Task inputs =

(* Let $\varphi$ be a smooth skew-morphism of a finite group $A$, of order $n$, with power function $\pi:A\to\mathbb{Z}_n$. Then: (i) $\pi$ takes values in the unit group $\mathbb{Z}_n^*$ and is a group homomorphism $A\to\mathbb{Z}_n^*$ whose kernel is $\mathrm{Ker}\,\varphi$; (ii) for any $\varphi$-invariant normal subgroup $N$ of $A$, the induced skew-morphism $\bar\varphi$ of $A/N$ is smooth, and if $N=\mathrm{Ker}\,\varphi$ then $\bar\varphi$ is the identity permutation; (iii) for every positive integer $k$, $\varphi^k$ is a smooth skew-morphism of $A$; (iv) for every automorphism $\gamma$ of $A$, $\gamma^{-1}\varphi\gamma$ is a smooth skew-morphism of $A$.
   Context: A skew-morphism of a finite group $A$ is a permutation $\varphi$ of the set $A$ with $\varphi(1)=1$ for which there exists a function $\pi:A\to\mathbb{Z}_n$, where $n$ is the order of $\varphi$ as a permutation, such that $\varphi(xy)=\varphi(x)\varphi^{\pi(x)}(y)$ for all $x,y\in A$; $\pi$ is the power function. The kernel is $\mathrm{Ker}\,\varphi=\{x\in A:\pi(x)=1\}$, and the core is $\mathrm{Core}\,\varphi=\bigcap_{i=1}^n\varphi^i(\mathrm{Ker}\,\varphi)$, a $\varphi$-invariant normal subgroup. $\varphi$ is smooth if $\varphi(x)\in x\,\mathrm{Core}\,\varphi$ for all $x\in A$. For a $\varphi$-invariant normal subgroup $N$ (i.e. $\varphi(N)=N$), the induced skew-morphism of $A/N$ is $\bar\varphi(xN)=\varphi(x)N$, with power function $\bar\pi(xN)\equiv\pi(x)\pmod{|\bar\varphi|}$. *)

From HB Require Import structures.
From mathcomp Require Import all_boot all_fingroup.
Set Implicit Arguments. Unset Strict Implicit. Unset Printing Implicit Defensive.
Local Open Scope group_scope.

Section SkewDefs.
Variable gT : finGroupType.

(* pi is a power function for phi: phi(xy) = phi(x) phi^{pi(x)}(y).
   Values of pi are natural numbers read modulo n = #[phi]. *)
Definition skew_power (phi : {perm gT}) (pi : gT -> nat) : Prop :=
  forall x y : gT, phi (x * y) = phi x * (phi ^+ pi x)%g y.

Definition skew_morphism (phi : {perm gT}) : Prop :=
  phi 1 = 1 /\ exists pi, skew_power phi pi.

Definition skew_ker (phi : {perm gT}) (pi : gT -> nat) : {set gT} :=
  [set x | pi x == 1 %[mod #[phi]]].

Definition skew_core (phi : {perm gT}) (pi : gT -> nat) : {set gT} :=
  \bigcap_(1 <= i < #[phi].+1) ((phi ^+ i)%g @: skew_ker phi pi).

Definition skew_smooth (phi : {perm gT}) (pi : gT -> nat) : Prop :=
  forall x : gT, phi x \in x *: skew_core phi pi.

(* phi is a smooth skew-morphism (smoothness w.r.t. a power function of phi;
   the power function is unique modulo #[phi]) *)
Definition smooth_skew_morphism (phi : {perm gT}) : Prop :=
  phi 1 = 1 /\ exists pi, skew_power phi pi /\ skew_smooth phi pi.

End SkewDefs.

(* Smoothness says phi x = x c with every phi-iterate of c in Ker phi, so
   pi (phi x) = pi (x c) = sigma(c, pi x) = pi x modulo n, where
   sigma(y, k) = skew_sum y k = pi y + pi (phi y) + ... + pi (phi^(k-1) y)
   is the power function of phi^k at y.  Hence pi is phi-invariant, sigma(y, k) = k pi y,
   and the identity pi (x y) = sigma(y, pi x) makes pi multiplicative; with
   pi 1 = 1 its values are units.  Conversely, a psi-invariant multiplicative
   power function rho with rho 1 = 1 makes any permutation psi smooth, because
   x^-1 psi x then lies in the kernel together with its iterates.  Powers,
   conjugates by automorphisms and induced permutations of invariant quotients
   inherit such power functions, and modulo N = Ker phi the induced permutation
   is trivial since x^-1 phi x lies in N. *)
From HB Require Import structures.
From mathcomp Require Import all_boot all_fingroup cyclic.
Local Open Scope group_scope.
Set Implicit Arguments. Unset Strict Implicit.

Lemma congr_mod_dvd a b m d : a = b %[mod m] -> (d %| m)%N -> a = b %[mod d].
Proof. by move=> eq_ab dv_dm; rewrite -(modn_dvdm a dv_dm) eq_ab modn_dvdm. Qed.

Lemma sum_congr_mod (f : nat -> nat) a m k :
  (forall i, f i = a %[mod m]) -> \sum_(i < k) f i = (k * a)%N %[mod m].
Proof.
move=> eq_fa; elim: k => [|k IHk]; first by rewrite big_ord0.
by rewrite big_ord_recr /= -modnDm IHk eq_fa modnDm mulSnr.
Qed.

Lemma mem_bigcap_seq (T : finType) (r : seq nat) (F : nat -> {set T}) x :
  (x \in \big[@setI T/setT]_(i <- r) F i) = all (fun i => x \in F i) r.
Proof.
rewrite (big_morph (fun A : {set T} => x \in A) (@in_setI T x) (in_setT x)).
exact: big_all.
Qed.

Section PermPowers.
Variables (T : finType) (p : {perm T}).

Lemma eq_perm_expg_mod a b :
  (forall y, (p ^+ a) y = (p ^+ b) y) -> a = b %[mod #[p]].
Proof. by move=> eq_ab; apply/eqP; rewrite -eq_expg_mod_order; apply/eqP/permP. Qed.

Lemma permX_invariant_mod (f : T -> nat) m :
  (forall x, f (p x) = f x %[mod m]) -> forall i x, f ((p ^+ i) x) = f x %[mod m].
Proof.
move=> fp; elim=> [|i IHi] x; first by rewrite expg0 perm1.
by rewrite expgSr permM fp.
Qed.

End PermPowers.

Section SkewCore.
Variables (gT : finGroupType) (phi : {perm gT}) (pi : gT -> nat).
Local Notation n := #[phi].

Lemma mem_skew_core c :
  c \in skew_core phi pi <-> forall i, pi ((phi ^+ i) c) = 1 %[mod n].
Proof.
have n_gt0 : (0 < n)%N := order_gt0 phi.
rewrite /skew_core mem_bigcap_seq; split=> [/allP core_c i | ker_c].
  have j_range : (n - i %% n) \in index_iota 1 n.+1.
    by rewrite mem_index_iota ltnS leq_subr andbT subn_gt0 ltn_mod.
  have /imsetP[k] := core_c _ j_range; rewrite inE => /eqP ker_k ->.
  rewrite -permM -expgD -expg_mod_order.
  have -> : ((n - i %% n + i) %% n = 0)%N.
    by rewrite -modnDmr subnK ?modnn // ltnW // ltn_mod.
  by rewrite expg0 perm1.
apply/allP=> i _.
have <- : (phi ^+ i) ((phi ^+ (i * n - i)) c) = c.
  rewrite -permM -expgD subnK ?leq_pmulr // mulnC expgM expg_order expg1n.
  exact: perm1.
by rewrite imset_f // inE; apply/eqP; apply: ker_c.
Qed.

End SkewCore.

Lemma skew_smooth_of_morph (gT : finGroupType) (psi : {perm gT}) (rho : gT -> nat) :
  rho 1 = 1 %[mod #[psi]] ->
  (forall x y, rho (x * y) = (rho x * rho y)%N %[mod #[psi]]) ->
  (forall x, rho (psi x) = rho x %[mod #[psi]]) ->
  skew_smooth psi rho.
Proof.
move=> rho1 rhoM rho_psi x; rewrite mem_lcoset; apply/mem_skew_core => i.
rewrite (permX_invariant_mod rho_psi) rhoM -modnMm rho_psi modnMm -rhoM mulVg.
exact: rho1.
Qed.

Section AutSetT.
Variables (gT : finGroupType) (g : {perm gT}).
Hypothesis Aut_g : g \in Aut [set: gT].

Lemma Aut_setT_morph : {morph g : x y / x * y}.
Proof. by move=> x y; apply: (morphicP (Aut_morphic Aut_g)); rewrite inE. Qed.

Lemma Aut_perm1 : g 1 = 1.
Proof. by rewrite -(autmE Aut_g) morph1. Qed.

End AutSetT.

Section SmoothSkewMorphism.
Variables (gT : finGroupType) (phi : {perm gT}) (pi : gT -> nat).
Hypotheses (phi1 : phi 1 = 1) (phi_skew : skew_power phi pi).
Local Notation n := #[phi].

Definition skew_sum (x : gT) (k : nat) : nat := \sum_(i < k) pi ((phi ^+ i) x).

Lemma skew_powerX k x y :
  (phi ^+ k) (x * y) = (phi ^+ k) x * (phi ^+ skew_sum x k) y.
Proof.
elim: k x y => [|k IHk] x y; first by rewrite /skew_sum big_ord0 !expg0 !perm1.
rewrite expgSr permM IHk phi_skew /skew_sum big_ord_recr /= expgD permM.
by rewrite -permM -expgSr permM.
Qed.

Lemma skew_power1 : pi 1 = 1 %[mod n].
Proof.
apply: eq_perm_expg_mod => y.
by rewrite expg1 -[in RHS](mul1g y) phi_skew phi1 mul1g.
Qed.

Lemma skew_powerM_sum x y : pi (x * y) = skew_sum y (pi x) %[mod n].
Proof.
apply: eq_perm_expg_mod => z; apply: (@mulgI _ (phi (x * y))).
have := phi_skew x (y * z).
by rewrite mulgA skew_powerX mulgA -phi_skew => <-.
Qed.

Hypothesis phi_smooth : skew_smooth phi pi.

Lemma skew_smooth_core x : x^-1 * phi x \in skew_core phi pi.
Proof. by rewrite -mem_lcoset. Qed.

Lemma skew_power_perm x : pi (phi x) = pi x %[mod n].
Proof.
have /mem_skew_core core_c := skew_smooth_core x.
rewrite -{1}(mulKVg x (phi x)) skew_powerM_sum /skew_sum.
by rewrite (@sum_congr_mod _ _ _ _ core_c) muln1.
Qed.

Lemma skew_power_permX i x : pi ((phi ^+ i) x) = pi x %[mod n].
Proof. exact: (permX_invariant_mod skew_power_perm). Qed.

Lemma skew_sum_smooth x k : skew_sum x k = (k * pi x)%N %[mod n].
Proof.
apply: (@sum_congr_mod (fun i => pi ((phi ^+ i) x))) => i.
exact: skew_power_permX.
Qed.

Lemma skew_powerM x y : pi (x * y) = (pi x * pi y)%N %[mod n].
Proof. by rewrite skew_powerM_sum skew_sum_smooth mulnC. Qed.

Lemma skew_power_coprime x : coprime (pi x) n.
Proof.
have pi_expg k : pi (x ^+ k) = (pi x ^ k)%N %[mod n].
  elim: k => [|k IHk]; first by rewrite expg0 expn0 skew_power1.
  by rewrite expgSr skew_powerM -modnMm IHk modnMm expnSr.
rewrite -(coprime_pexpl _ _ (order_gt0 x)) -coprime_modl -pi_expg expg_order.
by rewrite skew_power1 coprime_modl coprime1n.
Qed.

Lemma smooth_skew_morphismX k : smooth_skew_morphism (phi ^+ k).
Proof.
split.
  by elim: k => [|k IHk]; rewrite ?expg0 ?perm1 // expgSr permM IHk.
exists pi; split=> [x y|].
  rewrite skew_powerX -expgM; congr (_ * (_ : {perm gT}) y).
  by apply/eqP; rewrite eq_expg_mod_order skew_sum_smooth.
have dvd_k := orderXdvd phi k.
apply: skew_smooth_of_morph => [|x y|x]; apply: congr_mod_dvd dvd_k.
- exact: skew_power1.
- exact: skew_powerM.
- exact: skew_power_permX.
Qed.

Lemma smooth_skew_morphismJ g :
  g \in Aut [set: gT] -> smooth_skew_morphism (g * phi * g^-1).
Proof.
move=> Aut_g; have Aut_gi : g^-1 \in Aut [set: gT] by rewrite groupV.
have gM := Aut_setT_morph Aut_g; have giM := Aut_setT_morph Aut_gi.
set psi := g * phi * g^-1.
have psiE : psi = phi ^ g^-1 by rewrite conjgE invgK mulgA.
have psiX k x : (psi ^+ k) x = g^-1 ((phi ^+ k) (g x)).
  by rewrite psiE -conjXg conjgE invgK !permM.
have psi1 x : psi x = g^-1 (phi (g x)) by rewrite -(expg1 psi) psiX.
split; first by rewrite psi1 (Aut_perm1 Aut_g) phi1 (Aut_perm1 Aut_gi).
exists (fun x => pi (g x)); split=> [x y|].
  by rewrite psiX !psi1 gM phi_skew giM.
have order_psi : #[psi] = n by rewrite psiE orderJ.
apply: skew_smooth_of_morph; rewrite order_psi.
- by rewrite (Aut_perm1 Aut_g) skew_power1.
- by move=> x y; rewrite gM skew_powerM.
- by move=> x; rewrite psi1 permKV skew_power_perm.
Qed.

Section Quotient.
Variable N : {group gT}.
Hypotheses (N_normal : N <| [set: gT]) (phiN : phi @: N = N).

Lemma normal_setT_norm x : x \in 'N(N).
Proof. by apply: (subsetP (normal_norm N_normal)); rewrite inE. Qed.

Lemma coset_setTM x y : coset N (x * y) = coset N x * coset N y.
Proof. by rewrite coset_morphM ?normal_setT_norm. Qed.

Lemma mem_skew_permX k m : m \in N -> (phi ^+ k) m \in N.
Proof.
elim: k m => [|k IHk] m Nm; first by rewrite expg0 perm1.
by rewrite expgSr permM -phiN imset_f ?IHk.
Qed.

Lemma coset_skew_permX k x y :
  coset N x = coset N y -> coset N ((phi ^+ k) x) = coset N ((phi ^+ k) y).
Proof.
move=> eq_xy; have Nxy : x^-1 * y \in N.
  apply: coset_idr; first by rewrite normal_setT_norm.
  by rewrite coset_setTM -eq_xy -coset_setTM mulVg coset_id.
by rewrite -(mulKVg x y) skew_powerX coset_kerr // mem_skew_permX.
Qed.

Definition skew_quotient_fun k (C : coset_of N) := coset N ((phi ^+ k) (repr C)).

Lemma skew_quotient_funE k x : skew_quotient_fun k (coset N x) = coset N ((phi ^+ k) x).
Proof. by apply: coset_skew_permX; rewrite coset_reprK. Qed.

Lemma skew_quotient_funK : cancel (skew_quotient_fun 1) (skew_quotient_fun n.-1).
Proof.
move=> C; rewrite -{1}(coset_reprK C) !skew_quotient_funE -permM -expgD add1n.
by rewrite prednK ?order_gt0 // expg_order perm1 coset_reprK.
Qed.

Definition skew_quotient : {perm coset_of N} := perm (can_inj skew_quotient_funK).

Lemma skew_quotientX k x : (skew_quotient ^+ k) (coset N x) = coset N ((phi ^+ k) x).
Proof.
elim: k => [|k IHk]; first by rewrite !expg0 !perm1.
by rewrite !expgSr !permM IHk permE skew_quotient_funE.
Qed.

Lemma skew_quotientE x : skew_quotient (coset N x) = coset N (phi x).
Proof. by rewrite -(expg1 skew_quotient) skew_quotientX. Qed.

Lemma order_skew_quotient_dvd : (#[skew_quotient] %| n)%N.
Proof.
rewrite order_dvdn; apply/eqP/permP => C.
by rewrite -(coset_reprK C) skew_quotientX expg_order !perm1.
Qed.

Definition quotient_power (C : coset_of N) : nat := pi (repr C).

Lemma quotient_powerE x : quotient_power (coset N x) = pi x %[mod #[skew_quotient]].
Proof.
have coset_phi a b : coset N a = coset N b -> coset N (phi a) = coset N (phi b).
  by move/(coset_skew_permX 1); rewrite !expg1.
apply: eq_perm_expg_mod => C; rewrite -(coset_reprK C) !skew_quotientX.
set u := repr (coset N x); set y := repr C.
have eq_ux : coset N u = coset N x by rewrite coset_reprK.
apply: (@mulgI _ (coset N (phi u))); rewrite {2}(coset_phi _ _ eq_ux).
by rewrite -!coset_setTM -!phi_skew; apply: coset_phi; rewrite !coset_setTM eq_ux.
Qed.

Lemma skew_power_quotient : skew_power skew_quotient quotient_power.
Proof.
move=> C D; rewrite -(coset_reprK C) -(coset_reprK D).
set x := repr C; set y := repr D.
have -> : skew_quotient ^+ quotient_power (coset N x) = skew_quotient ^+ pi x.
  by apply/eqP; rewrite eq_expg_mod_order quotient_powerE.
by rewrite -coset_setTM !skew_quotientE skew_quotientX phi_skew coset_setTM.
Qed.

Lemma skew_smooth_quotient : skew_smooth skew_quotient quotient_power.
Proof.
have dvd_q := order_skew_quotient_dvd.
apply: skew_smooth_of_morph => [|C D|C].
- by rewrite -(coset_id (group1 N)) quotient_powerE (congr_mod_dvd skew_power1).
- rewrite -(coset_reprK C) -(coset_reprK D) -coset_setTM !quotient_powerE.
  rewrite -modnMm !quotient_powerE modnMm; exact: congr_mod_dvd (skew_powerM _ _) dvd_q.
- rewrite -(coset_reprK C) skew_quotientE !quotient_powerE.
  exact: congr_mod_dvd (skew_power_perm _) dvd_q.
Qed.

Lemma smooth_skew_morphism_quotient : smooth_skew_morphism skew_quotient.
Proof.
split; first by rewrite -(coset_id (group1 N)) skew_quotientE phi1.
by exists quotient_power; split; [apply: skew_power_quotient | apply: skew_smooth_quotient].
Qed.

Lemma skew_quotient_ker : (N : {set gT}) = skew_ker phi pi -> skew_quotient = 1.
Proof.
move=> N_ker; apply/permP => C; rewrite -(coset_reprK C) skew_quotientE perm1.
move: (repr C) => x; rewrite -{1}(mulKVg x (phi x)) coset_kerr // N_ker inE.
by have /mem_skew_core/(_ 0%N) := skew_smooth_core x; rewrite expg0 perm1 => /eqP.
Qed.

End Quotient.

End SmoothSkewMorphism.

Theorem theorem4 (gT : finGroupType) (phi : {perm gT}) (pi : gT -> nat) :
  phi 1 = 1 -> skew_power phi pi -> skew_smooth phi pi ->
  [/\ (forall x : gT, coprime (pi x) #[phi]),
      (forall x y : gT, pi (x * y) = (pi x * pi y)%N %[mod #[phi]]) &
      [set x : gT | pi x == 1 %[mod #[phi]]] = skew_ker phi pi] /\
  [/\ (forall N : {group gT}, N <| [set: gT] -> phi @: N = N ->
         exists phibar : {perm coset_of N},
           (forall x : gT, phibar (coset N x) = coset N (phi x)) /\
           smooth_skew_morphism phibar /\
           ((N : {set gT}) = skew_ker phi pi -> phibar = 1)),
      (forall k : nat, (0 < k)%N -> smooth_skew_morphism (phi ^+ k)) &
      (forall gamma : {perm gT}, gamma \in Aut [set: gT] ->
         smooth_skew_morphism (gamma * phi * gamma^-1))].
Proof.
move=> phi1 phi_skew phi_smooth; split.
  by split=> [x|x y|]; [apply: skew_power_coprime | apply: skew_powerM |].
split=> [N N_normal phiN | k _ | g Aut_g].
- exists (skew_quotient phi_skew N_normal phiN); split; first exact: skew_quotientE.
  split; first exact: smooth_skew_morphism_quotient.
  exact: skew_quotient_ker.
- exact: smooth_skew_morphismX.
- exact: smooth_skew_morphismJ.
Qed.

Activity = Output the material above exactly, but only from the line that carries "Section AutSetT." through the line that carries "Hypothesis phi_smooth : skew_smooth phi pi.".

Task output =
Section AutSetT.
Variables (gT : finGroupType) (g : {perm gT}).
Hypothesis Aut_g : g \in Aut [set: gT].

Lemma Aut_setT_morph : {morph g : x y / x * y}.
Proof. by move=> x y; apply: (morphicP (Aut_morphic Aut_g)); rewrite inE. Qed.

Lemma Aut_perm1 : g 1 = 1.
Proof. by rewrite -(autmE Aut_g) morph1. Qed.

End AutSetT.

Section SmoothSkewMorphism.
Variables (gT : finGroupType) (phi : {perm gT}) (pi : gT -> nat).
Hypotheses (phi1 : phi 1 = 1) (phi_skew : skew_power phi pi).
Local Notation n := #[phi].

Definition skew_sum (x : gT) (k : nat) : nat := \sum_(i < k) pi ((phi ^+ i) x).

Lemma skew_powerX k x y :
  (phi ^+ k) (x * y) = (phi ^+ k) x * (phi ^+ skew_sum x k) y.
Proof.
elim: k x y => [|k IHk] x y; first by rewrite /skew_sum big_ord0 !expg0 !perm1.
rewrite expgSr permM IHk phi_skew /skew_sum big_ord_recr /= expgD permM.
by rewrite -permM -expgSr permM.
Qed.

Lemma skew_power1 : pi 1 = 1 %[mod n].
Proof.
apply: eq_perm_expg_mod => y.
by rewrite expg1 -[in RHS](mul1g y) phi_skew phi1 mul1g.
Qed.

Lemma skew_powerM_sum x y : pi (x * y) = skew_sum y (pi x) %[mod n].
Proof.
apply: eq_perm_expg_mod => z; apply: (@mulgI _ (phi (x * y))).
have := phi_skew x (y * z).
by rewrite mulgA skew_powerX mulgA -phi_skew => <-.
Qed.

Hypothesis phi_smooth : skew_smooth phi pi.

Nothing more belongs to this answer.